Boat 7 was the first to be lowered from the Titanic, being launched at about 12:45 am on the early morning of the 15th, and was rescued by the sometime after 4:10 am. The Bishops, along with other survivors, were transported to New York City aboard the Carpathia.

===Inquiry===
Once in New York, the couple was ordered to report to the Senate Board of Inquiry in Washington D.C. Helen Bishop testified first, stating that she was conversing with Mr. and Mrs. John Jacob Astor prior to the ship's sinking, when Captain Smith came to speak to Mr. Astor. Astor told the group he was talking with to put on life belts and go on deck. Once on deck, an officer took Mrs. Bishop by the arm and told her to quietly get into the lifeboat; after that, her husband was pushed into the boat with her. Helen Bishop said there were 12 women, 13 men and three crew members in the lifeboat; she continued by saying many of the men in the boat were not married.

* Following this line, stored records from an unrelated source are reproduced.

(* Paths of G ending at a vertex w are counted by P(w) = 1 + sum of P(s a) over the
   G-edges a into w.  The x_i^v and the z_j with j < k are sources, so P = 1 there,
   and then P(z_k) = k.  For v in H_n one argues by induction on n: the edges of E
   into v with source in H contribute the d(s e), the m(v) edges f_i^v contribute k
   each, and the g_i^v contribute delta(v).  The edges of E into v with source
   outside H start at y_(n-1), where d = k, and there are exactly m(v) of them,
   since by levels every path from y_(n-1) to v is a single edge.  Hence
   P(v) = 1 + delta(v) + sum_(e in r^-1(v)) d(s e) = d(v), the last step being
   where properness (strict inequality at v) is used. *)

Section Cardinality.
Variable T : eqType.
Implicit Types P Q : T -> Prop.

Lemma has_card_unique P n1 n2 : has_card P n1 -> has_card P n2 -> n1 = n2.
Proof.
move=> [s1 [u1 <- m1]] [s2 [u2 <- m2]].
apply/perm_size/uniq_perm => // x.
by apply/idP/idP => [/m1/m2 | /m2/m1].
Qed.

Lemma has_card_ext P Q n : (forall x, P x <-> Q x) -> has_card P n -> has_card Q n.
Proof.
by move=> PQ [sq [u sz msq]]; exists sq; split=> // x; rewrite msq.
Qed.

Lemma has_card_add (x0 : T) P n :
  ~ P x0 -> has_card P n -> has_card (fun x => x = x0 \/ P x) n.+1.
Proof.
move=> Px0 [sq [u <- msq]]; exists (x0 :: sq); split=> //=.
  by rewrite u andbT; apply/negP => /msq.
move=> x; rewrite inE -msq.
by split=> [/orP[/eqP|]|[->|]]; auto; rewrite ?eqxx // orbC => ->.
Qed.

Dickinson Bishop's testimony mainly dealt with the inability to lock the ship's watertight compartments. He recalled the sailors trying to turn the locks and not being able to close them properly on either side of the ship. Bishop also said that he heard no orders to keep the men out of the lifeboats in favor of women and children.

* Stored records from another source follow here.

Lemma psdmx_spectral_ge0 n (A : 'M[R]_n) (P : 'M[C]_n) d k :
  A^T = A -> psdmx A -> P \is unitarymx -> cplx A = P ^t* *m diag_mx d *m P ->
  0 <= d 0 k.
Proof.
move=> symA psdA /unitarymxP PPt hA.
have PAP : P *m cplx A *m P ^t* = diag_mx d.
  by rewrite hA !mulmxA PPt mul1mx -mulmxA PPt mulmx1.
have -> : d 0 k = (row k P *m cplx A *m (row k P) ^t*) 0 0.
  have -> : d 0 k = diag_mx d k k by rewrite mxE eqxx.
  rewrite -PAP !mxE; apply: eq_bigr => j _; rewrite !mxE; congr (_ * _).
  by apply: eq_bigr => l _; rewrite !mxE.
exact: psdmx_cplx_form_ge0.
Qed.

Lemma psdmx_sqrt n (A : 'M[R]_n) :
  A^T = A -> psdmx A -> exists S, [/\ S^T = S, psdmx S & S *m S = A].
Proof.
case: n A => [|n] A symA psdA.
  by exists 0; split=> [|v|]; [exact: trmx0 | rewrite !mxE big_ord0 | apply/matrixP => -[]].
have [P Pu [d hA]] := symmx_cplx_spectral symA.
have /unitarymxP PPt := Pu.
pose r k := complex.Re (d 0 k).
have dr k : d 0 k = (r k)%:C%C.
  have := ger0_Im (psdmx_spectral_ge0 k symA psdA Pu hA).
  by rewrite /r; case: (d 0 k) => a b /= ->.
have r_ge0 k : 0 <= r k by rewrite -ler0c -dr (psdmx_spectral_ge0 k symA psdA Pu hA).
have [q qr] := poly_interpolation (@Num.sqrt R) [seq r k | k <- enum 'I_n.+1].
have {}qr k : q.[r k] = Num.sqrt (r k) by apply: qr; apply: map_f; rewrite mem_enum.
pose s := \row_k (Num.sqrt (r k))%:C%C.
have ss : diag_mx s *m diag_mx s = diag_mx d.
  rewrite mul_diag_mx; apply/matrixP => i k.
  by rewrite !mxE dr mulrnAr -rmorphM -expr2 sqr_sqrtr.
(* [q] interpolates the square root on the spectrum, so [q(A)] is a real matrix
   diagonalised by [P] with eigenvalues the square roots of those of [A]. *)
pose S := horner_mx A q.
have hS : cplx S = P ^t* *m diag_mx s *m P.
  rewrite cplx_horner_mx hA horner_mx_unitary_conj // horner_mx_diag.
  have -> // : map_mx (horner (map_poly (real_complex R) q)) d = s.
  by apply/matrixP => i k; rewrite !mxE (ord1 i) dr horner_map /= qr.
exists S; split.
- by rewrite /S horner_mx_trmx symA.
- move=> v; rewrite -ler0c.
  have -> : ((v^T *m S *m v) 0 0)%:C%C =
            ((cplx v)^T *m (P ^t* *m diag_mx s *m P) *m cplx v) 0 0.
    by rewrite -hS -cplx_trmx -!cplxM [RHS]mxE.
  have vt : P *m cplx v = ((cplx v)^T *m P ^t*) ^t*.
    rewrite trmx_mul map_mxM trmxCK; congr (_ *m _).
    by apply/matrixP => i j; rewrite !mxE; exact/esym/conj_cplx.
  rewrite !mulmxA -(mulmxA _ P) vt.
  by apply: diag_form_ge0 => k; rewrite mxE ler0c sqrtr_ge0.
- apply: cplx_inj; rewrite cplxM hS [RHS]hA -ss.
  by rewrite !mulmxA -(mulmxA _ P) PPt mulmx1.
Qed.

End RealSymmetric.

Section Expectation.
Context d (T : measurableType d) (R : realType) (P : probability T R).
Local Notation integrableR f := (P.-integrable setT (EFin \o f)).

Lemma integrableR_eq f g : integrableR f -> f =1 g -> integrableR g.
Proof.
by move=> intf fg; apply: (eq_integrable measurableT _ _ _ intf) => w _ /=; rewrite fg.
Qed.

Lemma integrableR_cst k : integrableR (fun=> k).
Proof. exact: finite_measure_integrable_cst. Qed.

Lemma integrableRD f g :
  integrableR f -> integrableR g -> integrableR (fun w => f w + g w).
Proof. by move=> intf intg; exact: (integrableR_eq (integrableD measurableT intf intg)). Qed.

Lemma integrableR_sum I (s : seq I) (f : I -> T -> R) :
  (forall i, integrableR (f i)) -> integrableR (fun w => \sum_(i <- s) f i w).
Proof.
move=> intf; elim: s => [|i s ih].
  by apply: (integrableR_eq (integrableR_cst 0)) => w; rewrite big_nil.
by apply: (integrableR_eq (integrableRD (intf i) ih)) => w; rewrite big_cons.
Qed.

Lemma integrableR_le (f g : T -> R) : measurable_fun setT f ->
  (forall w, `|f w| <= g w) -> integrableR g -> integrableR f.
Proof.
move=> mf fg intg; apply: le_integrable intg => //; first exact/measurable_EFinP.
by move=> w _ /=; rewrite lee_fin (le_trans (fg w)) ?ler_norm.
Qed.

Lemma integrableR_mul (f g : T -> R) : measurable_fun setT f -> measurable_fun setT g ->
  integrableR (fun w => f w ^+ 2) -> integrableR (fun w => g w ^+ 2) ->
  integrableR (fun w => f w * g w).
Proof.
move=> mf mg intf intg; apply: (integrableR_le (g := fun w => f w ^+ 2 + g w ^+ 2)).
- exact: measurable_funM.
- move=> w; rewrite ler_norml; have := sqr_ge0 (f w + g w); have := sqr_ge0 (f w - g w).
  by move=> h1 h2; apply/andP; split; nra.
- exact: integrableRD.
Qed.

Lemma integrableR_sqrB (f : T -> R) c : measurable_fun setT f ->
  integrableR (fun w => f w ^+ 2) -> integrableR (fun w => (f w - c) ^+ 2).
Proof.
move=> mf intf; apply: (integrableR_le (g := fun w => 2 * f w ^+ 2 + 2 * c ^+ 2)).
- by apply: measurable_funX; exact: measurable_funB.
- by move=> w; rewrite ger0_norm ?sqr_ge0 //; have := sqr_ge0 (f w + c); nra.
- apply: integrableRD; last exact: integrableR_cst.
  exact: (integrableR_eq (integrableZl measurableT 2 intf)).
Qed.

Lemma expectZ k f : integrableR f -> expect P (fun w => k * f w) = k * expect P f.
Proof. exact: RintegralZl. Qed.

Lemma expect_sum I (s : seq I) (f : I -> T -> R) : (forall i, integrableR (f i)) ->
  expect P (fun w => \sum_(i <- s) f i w) = \sum_(i <- s) expect P (f i).
Proof.
move=> intf; elim: s => [|i s ih].
  by under eq_fun do rewrite big_nil; rewrite big_nil /expect integral0.
under eq_fun do rewrite big_cons.
by rewrite big_cons -ih; apply: RintegralD => //; exact: integrableR_sum.
Qed.

Lemma expect_ge0 f : (forall w, 0 <= f w) -> 0 <= expect P f.
Proof. by move=> f_ge0; apply: Rintegral_ge0 => w _. Qed.

Lemma covm_trmx n m (X : T -> 'cV[R]_n) (Y : T -> 'cV[R]_m) :
  (covm P X Y)^T = covm P Y X.
Proof.
by apply/matrixP => k l; rewrite !mxE; congr expect; apply/funext => w; exact: mulrC.
Qed.

Lemma covm_psd n (X : T -> 'cV[R]_n) :
  (forall k, measurable_fun setT (fun w => X w k 0)) ->
  (forall k, integrableR (fun w => X w k 0 ^+ 2)) -> psdmx (covm P X X).
Proof.
move=> mX intX v.
pose Y k w := X w k 0 - mean P X k 0.
have mY k : measurable_fun setT (Y k) by apply: measurable_funB.
have intYY k l : integrableR (fun w => v k 0 * v l 0 * (Y k w * Y l w)).
  have intYkYl : integrableR (fun w => Y k w * Y l w).
    by apply: integrableR_mul => //; exact: integrableR_sqrB.
  exact: (integrableR_eq (integrableZl measurableT (v k 0 * v l 0) intYkYl)).
have -> : (v^T *m covm P X X *m v) 0 0 =
          \sum_l \sum_k expect P (fun w => v k 0 * v l 0 * (Y k w * Y l w)).
  rewrite mxE; apply: eq_bigr => l _; rewrite mxE mulr_suml; apply: eq_bigr => k _.
  rewrite expectZ; last by apply: integrableR_mul => //; exact: integrableR_sqrB.
  by rewrite !mxE /Y !mxE; ring.
under eq_bigr do rewrite -expect_sum //.
rewrite -expect_sum; last by move=> l; exact: integrableR_sum.
apply: expect_ge0 => w.
have -> : \sum_l \sum_k v k 0 * v l 0 * (Y k w * Y l w) = (\sum_k v k 0 * Y k w) ^+ 2.
  rewrite expr2 mulr_suml; apply: eq_bigr => l _; rewrite mulr_sumr.
  by apply: eq_bigr => k _; ring.
exact: sqr_ge0.
Qed.
End Expectation.

Section Pushforward.
Context d1 d2 (T : measurableType d1) (U : measurableType d2) (R : realType).
Variables (P : probability T R) (Q : probability U R) (h : T -> U).
Hypotheses (mh : measurable_fun setT h)
  (PhQ : forall A, measurable A -> P (h @^-1` A) = Q A).

(* No integrability is needed: both sides split into the integrals of the positive
   and negative parts of [g]. *)
Lemma expect_pushforward (g : U -> R) : measurable_fun setT g ->
  expect P (fun w => g (h w)) = expect Q g.
Proof.
move=> mg; rewrite /expect; congr fine.
have -> : (\int[Q]_y (g y)%:E = \int[pushforward P h]_y (g y)%:E)%E.
  by apply: eq_measure_integral => A mA _; exact/esym/PhQ.
have mge : measurable_fun setT (EFin \o g) by exact/measurable_EFinP.
rewrite integralE [in RHS]integralE !ge0_integral_pushforward //.
- by rewrite preimage_setT -funepos_comp -funeneg_comp.
- exact: measurable_funeneg.
- exact: measurable_funepos.
Qed.

Lemma covm_pushforward n m (X : U -> 'cV[R]_n) (Y : U -> 'cV[R]_m) :
  (forall k, measurable_fun setT (fun y => X y k 0)) ->
  (forall l, measurable_fun setT (fun y => Y y l 0)) ->
  covm P (fun w => X (h w)) (fun w => Y (h w)) = covm Q X Y.
Proof.
move=> mX mY; have mean_push p (Z : U -> 'cV[R]_p) :
    (forall k, measurable_fun setT (fun y => Z y k 0)) ->
    mean P (fun w => Z (h w)) = mean Q Z.
  by move=> mZ; apply/matrixP => k i; rewrite !mxE; exact: expect_pushforward (mZ k).
rewrite /covm !mean_push //; apply/matrixP => k l; rewrite !mxE.
apply: (expect_pushforward (g := fun y => (X y k 0 - _) * (Y y l 0 - _))).
by apply: measurable_funM; exact: measurable_funB.
Qed.
End Pushforward.

Lemma eigenvalue_similar (K : fieldType) n (M1 M2 D D' : 'M[K]_n) :
  D *m D' = 1%:M -> M1 *m D = D *m M2 -> eigenvalue M1 =1 eigenvalue M2.
Proof.
move=> DD' M12; have D'D : D' *m D = 1%:M by exact: mulmx1C.
have M21 : M2 *m D' = D' *m M1.
  by rewrite -[M2]mul1mx -D'D -(mulmxA D') -M12 -!mulmxA DD' mulmx1.
have transfer (A B E E' : 'M[K]_n) a : E *m E' = 1%:M -> A *m E = E *m B ->
    eigenvalue A a -> eigenvalue B a.
  move=> EE' AB /eigenvalueP[v vA v0]; apply/eigenvalueP; exists (v *m E).
    by rewrite -mulmxA -AB mulmxA vA scalemxAl.
  apply: contra v0 => /eqP vE0; apply/eqP.
  by rewrite -[v]mulmx1 -EE' mulmxA vE0 mul0mx.
by move=> a; apply/idP/idP; [exact: transfer DD' M12 | exact: transfer D'D M21].
Qed.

Bishop was later rumored to have dressed as a woman to get his spot in the lifeboat; this rumor, in part, led to the divorce of the couple. On 8 December 1912, Helen gave birth to a boy, Randall Walton Bishop, who died two days afterward.

==Later life==
In November 1913, Helen suffered a serious car accident in which she was badly injured, in a car driven by her husband's cousin Bartlett Dickinson. He lost control speeding with an iced-up windshield. Helen Bishop's head injuries were so severe, they were reported as being fatal by The New York Times. In an attempt to save Helen's life, her doctors tried what was then a new technique: a silver plate was affixed to her skull to cover the badly injured area.

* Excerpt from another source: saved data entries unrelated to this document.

Lemma gauss_sum_diag_cons m c (B : 'M[F]_m) s : c \in Fqx -> s \in Fqx -> herm B ->
  gauss_sum (diag_cons c B) s = - q%:R * gauss_sum B s.
Proof.
move=> /andP[c_neq0 Fq_c] /andP[s_neq0 Fq_s] B_herm.
pose join_cV (p : F * 'cV[F]_m) : 'cV[F]_(1 + m) := col_mx p.1%:M p.2.
have join_bij : bijective join_cV.
  exists (fun x => (usubmx x 0 0, dsubmx x)) => [[a y]|x] /=.
    by rewrite col_mxKu col_mxKd mxE eqxx mulr1n.
  by rewrite -[in RHS](vsubmxK x) [usubmx x in RHS]mx11_scalar.
rewrite /gauss_sum (reindex join_cV) /=; last exact: onW_bij.
rewrite -(pair_bigA _ (fun a y => chi (s * hform (diag_cons c B) (join_cV (a, y))))) /=.
rewrite -(sum_chi_normq (e := s * c)) ?inE ?mulf_neq0 ?rpredM // mulr_suml.
apply: eq_bigr => a _; rewrite mulr_sumr; apply: eq_bigr => y _.
rewrite /= hform_diag_cons mulrDr mulrA chiD //.
  by rewrite rpredM ?normq_Fq // rpredM.
by rewrite rpredM ?hform_Fq.
Qed.

Lemma gauss_sum_herm m (B : 'M[F]_m) s : herm B -> s \in Fqx ->
  gauss_sum B s = q%:R ^+ (2 * (m - \rank B)) * (- q%:R) ^+ \rank B.
Proof.
elim: m B => [|m IHm] B B_herm Fqx_s.
  by rewrite [B]flatmx0 gauss_sum0 mxrank0 mulr1.
have [->|B_neq0] := eqVneq B 0; first by rewrite gauss_sum0 mxrank0 subn0 mulr1.
have [P [c [B1 [P_unit Fqx_c B1_herm PBP]]]] := herm_congr_diag_cons B_herm B_neq0.
have /andP[c_neq0 _] := Fqx_c.
rewrite (mxrank_congr_diag_cons P_unit c_neq0 PBP) -(gauss_sum_congr B s P_unit) PBP.
by rewrite gauss_sum_diag_cons // IHm // subSS exprS mulrCA.
Qed.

In January 1916, Dickinson and Helen divorced. Charging her husband with cruelty and drunkenness, Helen Bishop was granted a divorce and $100,000 in alimony. She died two months later, on March 16, 1916, after falling at a friend's home on a visit to Danville, Illinois. Dickinson married his third wife, Sydney Boyce, a daughter of William D. Boyce, two days before the death of his second wife, Helen. The announcements of Dickinson's remarriage and Helen's death were both front page stories of the Dowagiac Daily News on the same day.

He served in the Army during the First World War. Bishop remained married to Sydney Boyce until her death in November 1950. After the end of the Second World War, he moved away from Dowagiac and settled in Ottawa, Illinois where he died from a stroke on February 16, 1961.